Reklama

Polityka obronna

Soloch: Eurokorpus powinien być kluczowym elementem w łańcuchu dowodzenia NATO

Fot. Eurocorps
Fot. Eurocorps

Polsce zależy, aby Eurokorpus pozostał kluczowym elementem w łańcuchu dowodzenia NATO, także w ramach operacji o dużej skali na wschodniej flance Sojuszu - powiedział szef BBN Paweł Soloch, który w poniedziałek rozpoczął dwudniową wizytę w dowództwie Eurokorpusu w Strasburgu. Jest ona związana z gotowością Polski do wstrzymania wycofywania się z Eurokorpusu. 

W poniedziałek szef BBN Paweł Soloch rozpoczął dwudniową wizytę w dowództwie Eurokorpusu w Strasburgu. Wraz z nim do Strasburga udał się zastępca szefa Sztabu Generalnego WP gen. Krzysztof Król.

Jak wyjaśnił PAP Soloch, wizyta ta jest związana z gotowością Polski do wstrzymania wycofywania się z Eurokorpusu. Powodem tego wstrzymania jest - jak wyjaśnił szef BBN - "wzrost znaczenia Eurokorpusu w łańcuchu dowodzenia NATO".

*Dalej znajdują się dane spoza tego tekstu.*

(* Let $K=\mathbb{Q}(\rho)$ be a simplest cubic field, where $\rho$ is a root of $x^3-ax^2-(a+3)x-1$ with $a\in\mathbb{Z}_{\geq-1}$, and let $\Delta=a^2+3a+9$. Suppose $p^2\mid\Delta$ for a prime $p>3$. Then there are integers $1\leq k,l\leq p-1$ such that $\frac{k+l\rho+\rho^2}{p}\in\mathcal{O}_K$. *)

From mathcomp Require Import all_boot all_order all_algebra all_field.
Set Implicit Arguments. Unset Strict Implicit. Unset Printing Implicit Defensive.
Import Order.TTheory GRing.Theory Num.Theory.
Local Open Scope ring_scope.

Definition simplest_cubic (a : int) : {poly algC} :=
  'X^3 - (a%:~R) *: 'X^2 - ((a + 3)%:~R) *: 'X - 1.

Definition sc_Delta (a : int) : int := a ^+ 2 + 3 * a + 9.

From mathcomp Require Import all_boot all_order all_algebra all_field.
From mathcomp Require Import ring zify.
Import Order.TTheory GRing.Theory Num.Theory.
Local Open Scope ring_scope.

(* Since 3 is invertible modulo p^2, one can pick c with 3c = a mod p^2.  Then
   p^2 | Delta forces all non-leading coefficients of f(x + c) to be divisible
   by p^2, where f is the simplest cubic, so beta = rho - c satisfies
   beta^3 + p^2 (A beta^2 + B beta + C) = 0.  Squaring away the odd part shows
   that beta^2 / p is an algebraic integer, and beta^2 / p differs from
   (k + l rho + rho^2) / p by an algebraic integer as soon as k = c^2 and
   l = -2c mod p.  These residues are nonzero: p divides f(c) = -1 mod c, so
   p does not divide c. *)

Definition simplest_cubicz (a c : int) : int :=
  c ^+ 3 - a * c ^+ 2 - (a + 3) * c - 1.

Lemma monic_cubic_root_Aint (e2 e1 e0 : int) (x : algC) :
  x ^+ 3 + e2%:~R * x ^+ 2 + e1%:~R * x + e0%:~R = 0 -> x \in Aint.
Proof.
move=> hx; apply: (@root_monic_Aint (Poly [:: e0%:~R; e1%:~R; e2%:~R; 1])).
- rewrite /root horner_Poly /= mul0r add0r; apply/eqP; rewrite -[RHS]hx; ring.
- by rewrite monicE /lead_coef (@PolyK _ 1) //= oner_neq0.
- apply/polyOverP => i; rewrite coef_Poly.
  by case: i => [|[|[|[|i]]]] /=; rewrite ?nth_nil ?rpred_int ?rpred0 ?rpred1.
Qed.

Lemma Aint_intr_div (q z : int) : (q %| z)%Z -> z%:~R / q%:~R \in (Aint : {pred algC}).
Proof.
case/dvdzP=> e ->; have [->|q0] := eqVneq q 0; first by rewrite mulr0 mul0r rpred0.
by rewrite intrM mulfK ?intr_eq0 // Aint_int.
Qed.

(* x^2 is a root of (X^3 + v X)^2 - (u X^2 + w)^2, whose coefficients
   2v - u^2, v^2 - 2uw and -w^2 are divisible by q, q^2 and q^3. *)
Lemma monic_cubic_root_sqr_div_Aint {q u v w : int} {x : algC} :
  (q %| u)%Z -> (q %| v)%Z -> (q ^+ 2 %| w)%Z ->
  x ^+ 3 + u%:~R * x ^+ 2 + v%:~R * x + w%:~R = 0 -> x ^+ 2 / q%:~R \in Aint.
Proof.
move=> /dvdzP[u' ->] /dvdzP[v' ->] /dvdzP[w' ->] hx.
have [->|q0] := eqVneq q 0; first by rewrite invr0 mulr0 rpred0.
have q0' : q%:~R != 0 :> algC by rewrite intr_eq0.
apply: (@monic_cubic_root_Aint (2 * v' - q * u' ^+ 2)
  (v' ^+ 2 - 2 * q * u' * w') (- (q * w' ^+ 2))).
apply: (mulfI (expf_neq0 3 q0')); rewrite mulr0.
have hx' := congr1 (fun y => y * (x ^+ 3 - (u' * q)%:~R * x ^+ 2 + (v' * q)%:~R * x
                                  - (w' * q ^+ 2)%:~R)) hx.
rewrite /= mul0r in hx'; rewrite -hx'; field; exact: q0'.
Qed.

Lemma coprimez_prime_sqr_3 {p : nat} : prime p -> (3 < p)%N -> coprimez (p%:Z ^+ 2) 3.
Proof.
move=> pp p3; rewrite coprimez_sym coprimezXr // coprimezE /= prime_coprime //.
by apply/negP; rewrite dvdn_prime2 // => /eqP p_eq3; rewrite -p_eq3 in p3.
Qed.

Lemma exists_third_modz {m : int} (a : int) : coprimez m 3 -> exists c, (m %| 3 * c - a)%Z.
Proof.
case/coprimezP=> -[u v] /= huv; exists (a * v); apply/dvdzP; exists (- a * u).
have -> : 3 * (a * v) - a = a * (u * m + v * 3) - a * u * m - a by ring.
by rewrite huv; ring.
Qed.

Lemma coprimez_simplest_cubicz (a c : int) : coprimez c (simplest_cubicz a c).
Proof.
apply/coprimezP; exists (c ^+ 2 - a * c - (a + 3), -1) => /=.
by rewrite /simplest_cubicz; ring.
Qed.

Lemma dvdz_simplest_cubicz_ndvdz {d : int} (a c : int) : `|d|%N != 1%N ->
  (d %| simplest_cubicz a c)%Z -> ~~ (d %| c)%Z.
Proof.
move=> d_neq1 dvd_f; apply: contra d_neq1 => dvd_c.
by rewrite -dvdz1 -[X in (d %| X)%Z](eqP (coprimez_simplest_cubicz a c)) dvdz_gcd dvd_c.
Qed.

(* Use 3 (3c^2 - 2ac - (a+3)) = (3c - a)^2 - Delta
   and 27 f(c) = (3c - a)^3 - 3 (3c - a) Delta - (2a + 3) Delta. *)
Lemma simplest_cubicz_shift_dvd {m a c : int} :
  coprimez m 3 -> (m %| 3 * c - a)%Z -> (m %| sc_Delta a)%Z ->
  (m %| 3 * c ^+ 2 - 2 * a * c - (a + 3))%Z /\ (m %| simplest_cubicz a c)%Z.
Proof.
move=> m3 hc hD; split.
- rewrite -(Gauss_dvdzr _ m3).
  have -> : 3 * (3 * c ^+ 2 - 2 * a * c - (a + 3)) = (3 * c - a) ^+ 2 - sc_Delta a.
    by rewrite /sc_Delta; ring.
  by rewrite rpredB ?dvdz_exp.
- rewrite -(Gauss_dvdzr _ (coprimezXr 3 m3)).
  have -> : 3 ^+ 3 * simplest_cubicz a c =
      (3 * c - a) ^+ 3 - 3 * (3 * c - a) * sc_Delta a - (2 * a + 3) * sc_Delta a.
    by rewrite /simplest_cubicz /sc_Delta; ring.
  by rewrite !rpredB ?dvdz_exp ?dvdz_mull // dvdz_mulr.
Qed.

Lemma prime_ndvdzM {p : nat} {m n : int} :
  prime p -> ~~ (p%:Z %| m)%Z -> ~~ (p%:Z %| n)%Z -> ~~ (p%:Z %| m * n)%Z.
Proof. by move=> pp; rewrite !dvdzE abszM Euclid_dvdM // => /negPf-> /negPf->. Qed.

Lemma ndvdz_residue {p : nat} {z : int} : (0 < p)%N -> ~~ (p%:Z %| z)%Z ->
  exists2 k : nat, (1 <= k <= p.-1)%N & (p%:Z %| k%:Z - z)%Z.
Proof.
move=> p_gt0 pNz; have p0 : p%:Z != 0 by rewrite lt0n in p_gt0.
exists `|(z %% p)%Z|%N; last first.
  rewrite gez0_abs ?modz_ge0 //; apply/dvdzP; exists (- (z %/ p)%Z).
  by rewrite {2}(divz_eq z p); ring.
have r_lt_p : (z %% p)%Z < p by rewrite ltz_pmod // ltz_nat.
have r_neq0 : (z %% p)%Z != 0 by apply: contraNneq pNz => /dvdz_mod0P.
have r_ge0 := modz_ge0 z p0.
lia.
Qed.

Lemma root_simplest_cubicE (a : int) (x : algC) :
  root (simplest_cubic a) x = (x ^+ 3 - a%:~R * x ^+ 2 - (a + 3)%:~R * x - 1 == 0).
Proof. by rewrite /root /simplest_cubic !hornerE. Qed.

Lemma simplest_cubic_root_Aint {a : int} {x : algC} :
  root (simplest_cubic a) x -> x \in Aint.
Proof.
rewrite root_simplest_cubicE => /eqP hx.
by apply: (@monic_cubic_root_Aint (- a) (- (a + 3)) (-1)); rewrite -hx; ring.
Qed.

Lemma simplest_cubic_root_shift {a : int} (c : int) {x : algC} : root (simplest_cubic a) x ->
  (x - c%:~R) ^+ 3 + (3 * c - a)%:~R * (x - c%:~R) ^+ 2
  + (3 * c ^+ 2 - 2 * a * c - (a + 3))%:~R * (x - c%:~R) + (simplest_cubicz a c)%:~R = 0.
Proof. by rewrite root_simplest_cubicE => /eqP <-; rewrite /simplest_cubicz; ring. Qed.

Theorem proposition4p2 (a : int) (p : nat) (rho : algC) :
  (-1 <= a) -> prime p -> (3 < p)%N ->
  (p%:Z ^+ 2 %| sc_Delta a)%Z ->
  root (simplest_cubic a) rho ->
  exists k l : nat, [/\ (1 <= k <= p.-1)%N, (1 <= l <= p.-1)%N &
    (k%:R + l%:R * rho + rho ^+ 2) / p%:R \in Aint].
Proof.
move=> _ pp p_gt3 hD hroot.
have dvd_sqr z : (p%:Z ^+ 2 %| z)%Z -> (p%:Z %| z)%Z.
  exact: dvdz_trans (dvdz_exp2l _ (isT : (1 <= 2)%N)).
have m3 := coprimez_prime_sqr_3 pp p_gt3.
have [c hc] := exists_third_modz a m3.
have [hB hC] := simplest_cubicz_shift_dvd m3 hc hD.
have beta2_div_p := monic_cubic_root_sqr_div_Aint (dvd_sqr _ hc) (dvd_sqr _ hB) hC
  (simplest_cubic_root_shift c hroot).
have p_neq1 : `|p%:Z|%N != 1%N by rewrite /= neq_ltn prime_gt1 ?orbT.
have pNc := dvdz_simplest_cubicz_ndvdz a c p_neq1 (dvd_sqr _ hC).
have pN2 : ~~ (p%:Z %| -2)%Z.
  by rewrite dvdzE /=; apply: contraTN p_gt3 => /(dvdn_leq (isT : (0 < 2)%N)); lia.
have [k hk hpk] := ndvdz_residue (prime_gt0 pp) (prime_ndvdzM pp pNc pNc).
have [l hl hpl] := ndvdz_residue (prime_gt0 pp) (prime_ndvdzM pp pN2 pNc).
exists k, l; split => //.
have p0 : p%:R != 0 :> algC by rewrite pnatr_eq0 -lt0n prime_gt0.
have -> : (k%:R + l%:R * rho + rho ^+ 2) / p%:R = (rho - c%:~R) ^+ 2 / p%:~R
    + (k%:Z - c * c)%:~R / p%:~R + (l%:Z - -2 * c)%:~R / p%:~R * rho.
  by field.
have rhoA := simplest_cubic_root_Aint hroot.
by rewrite !rpredD ?Aint_intr_div // rpredM ?Aint_intr_div.
Qed.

"Polsce zależy, aby Eurokorpus pozostał kluczowym elementem w natowskim łańcuchu dowodzenia - także w ramach operacji o dużej skali na wschodniej flance Sojuszu" - powiedział PAP szef BBN przed wylotem do Strasburga.

Jak przypomniał, w 2018 r. Eurokorpus został certyfikowany jako dowodzący jednostkami zadeklarowanymi do tzw. Szpicy NATO a w 2020 r. Eurokorpus ma przejąć rolę struktury dowodzącej Szpicą NATO jako Sojusznicze Dowództwo Sił Lądowych.

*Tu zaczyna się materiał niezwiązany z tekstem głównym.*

(* Let $X$ be a uniformly convex, uniformly smooth real Banach space with normalized duality map $J$ and inverse $J^{-1}:X^*\to X$. Let $a,b\in S^*$ with $b\notin\{a,-a\}$, let $\delta(a,b)$ be the meridian arc between $a$ and $b$, and let $W(a,b)$ be the wedge engendered by it. Then $$W(a,b)^\circ=\bigcup_{c\in\delta(a,b)}\{tJ^{-1}c:t\ge 0\}=\operatorname{cone}\big(J^{-1}(\delta(a,b))\big).$$
   Context: $X^*$ is the norm dual of $X$ with pairing $\langle\cdot,\cdot\rangle$, and $S^*=\{c\in X^*:\|c\|_{X^*}=1\}$. The normalized duality map $J:X\to X^*$ is defined by $\langle Jx,x\rangle=\|Jx\|_{X^*}\|x\|=\|x\|^2=\|Jx\|_{X^*}^2$; it is a homogeneous homeomorphism. For $a,b\in S^*$ with $b\notin\{a,-a\}$, the meridian arc is $\delta(a,b)=\{(\lambda a+\mu b)/\|\lambda a+\mu b\|_{X^*}:\lambda,\mu\ge 0,\ (\lambda,\mu)\neq(0,0)\}$, i.e. the arc of $\operatorname{span}\{a,b\}\cap S^*$ joining $a$ and $b$ containing no pair of diametrically opposite points. The wedge engendered by $\delta(a,b)$ is the closed convex cone $W(a,b)=\{x\in X:\langle c,x\rangle\le 0 \text{ for all } c\in\delta(a,b)\}$. For a set $A$, $\operatorname{cone}A=\{ta:t\ge 0,a\in A\}$. The polar of a closed convex cone $K$ is $K^\circ=\{x\in X:P_Kx=0\}$, where $P_K x=\operatorname{argmin}\{\|x-k\|:k\in K\}$ is the metric projection. *)

From HB Require Import structures.
From mathcomp Require Import all_boot all_order all_algebra.
From mathcomp Require Import all_classical all_reals all_analysis.
Set Implicit Arguments. Unset Strict Implicit. Unset Printing Implicit Defensive.
Import Order.TTheory GRing.Theory Num.Theory.
Import numFieldNormedType.Exports.
Local Open Scope classical_set_scope.
Local Open Scope ring_scope.

Section Banach.
Variables (R : realType) (X : completeNormedModType R).

Definition is_dual (f : X -> R) : Prop :=
  [/\ forall x y : X, f (x + y) = f x + f y,
      forall (r : R) (x : X), f (r *: x) = r * f x
    & continuous f].

Definition dnorm (f : X -> R) : R :=
  sup [set `|f x| | x in [set x : X | `|x| <= 1]].

Definition dual_sphere : set (X -> R) := [set c | is_dual c /\ dnorm c = 1].

Definition uniformly_convex : Prop :=
  forall eps : R, 0 < eps <= 2 -> exists2 delta : R, 0 < delta &
    forall x y : X, `|x| <= 1 -> `|y| <= 1 -> eps <= `|x - y| ->
      `|(2 : R)^-1 *: (x + y)| <= 1 - delta.

Definition smooth_modulus (t : R) : R :=
  sup [set (`|p.1 + p.2| + `|p.1 - p.2|) / 2 - 1
       | p in [set p : X * X | `|p.1| = 1 /\ `|p.2| = t]].

Definition uniformly_smooth : Prop :=
  (fun t : R => smooth_modulus t / t) @ 0^'+ --> (0 : R).

(* Normalized duality relation: c = J x, i.e.
   <c,x> = |c|_* |x| = |x|^2 = |c|_*^2, with c in X^*. *)
Definition duality (x : X) (c : X -> R) : Prop :=
  [/\ is_dual c, c x = dnorm c * `|x|, dnorm c * `|x| = `|x| ^+ 2
    & `|x| ^+ 2 = dnorm c ^+ 2].

(* J^{-1} c as a set: the (unique, in our setting) x with J x = c. *)
Definition Jinv_set (c : X -> R) : set X := [set x | duality x c].

Definition meridian_arc (a b : X -> R) : set (X -> R) :=
  [set c | exists lam mu : R, [/\ 0 <= lam, 0 <= mu, (lam, mu) != (0, 0) &
     c = (fun x => (lam * a x + mu * b x) / dnorm (fun y => lam * a y + mu * b y))]].

Definition wedge (a b : X -> R) : set X :=
  [set x | forall c, meridian_arc a b c -> c x <= 0].

Definition cone (A : set X) : set X := [set z | exists t : R, exists y : X, [/\ 0 <= t, A y & z = t *: y]].

Definition metric_proj (K : set X) (x : X) : set X :=
  [set k | K k /\ forall k', K k' -> `|x - k| <= `|x - k'|].

Definition polar (K : set X) : set X := [set x | metric_proj K x = [set 0]].

End Banach.

From HB Require Import structures.
From mathcomp Require Import all_boot all_order all_algebra.
From mathcomp Require Import all_classical all_reals all_analysis.
From mathcomp Require Import ring lra.
Import Order.TTheory GRing.Theory Num.Theory.
Import numFieldNormedType.Exports.
Local Open Scope classical_set_scope.
Local Open Scope ring_scope.
Set Implicit Arguments. Unset Strict Implicit. Unset Printing Implicit Defensive.

(** If [x = t J^{-1} c] with [c] on the arc and [J y = c], then for every [k]
    in the wedge [t |y|^2 = c x <= c (x - k) <= |y| |x - k|], so [0] is a
    nearest point of the wedge to [x], and the only one by strict convexity.
    Conversely, if [0] is the metric projection of [x <> 0], the one-sided
    derivative [p] of the norm at [x], which uniform smoothness makes linear,
    is [<= 0] on the wedge; a two-functional Farkas lemma writes
    [p = lam a + mu b] with [lam, mu >= 0], and [p] has norm 1 and satisfies
    [p x = |x|], so [p] lies on the arc and [p = J (x / |x|)]. For [x = 0]
    one only needs [J^{-1} a], which exists because a uniformly convex space
    makes every functional attain its norm. *)

Section Banach.
Variables (R : realType) (X : completeNormedModType R).
Implicit Types (f g a b c p : X -> R) (x y z k h u v w : X).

"Jesteśmy gotowi do ponownego ubiegania się o status państwa ramowego. Pokazuje to, że Polsce zależy także na rozwoju europejskiej współpracy obronnej, z zastrzeżeniem, że będzie ona skoordynowana z polityką NATO" - podkreślił Soloch. Dodał, że "kwestia ta" została uzgodniona między prezydentem Andrzejem Dudą oraz ministrem obrony narodowej Mariuszem Błaszczakiem.

W Strasburgu szef BBN spotka się m.in. z dowództwem Eurokorpusu oraz polskimi żołnierzami, w tym zastępcą szefa Sztabu Eurokorpusu ds. Wsparcia gen. bryg. Wojciechem Kucharskim.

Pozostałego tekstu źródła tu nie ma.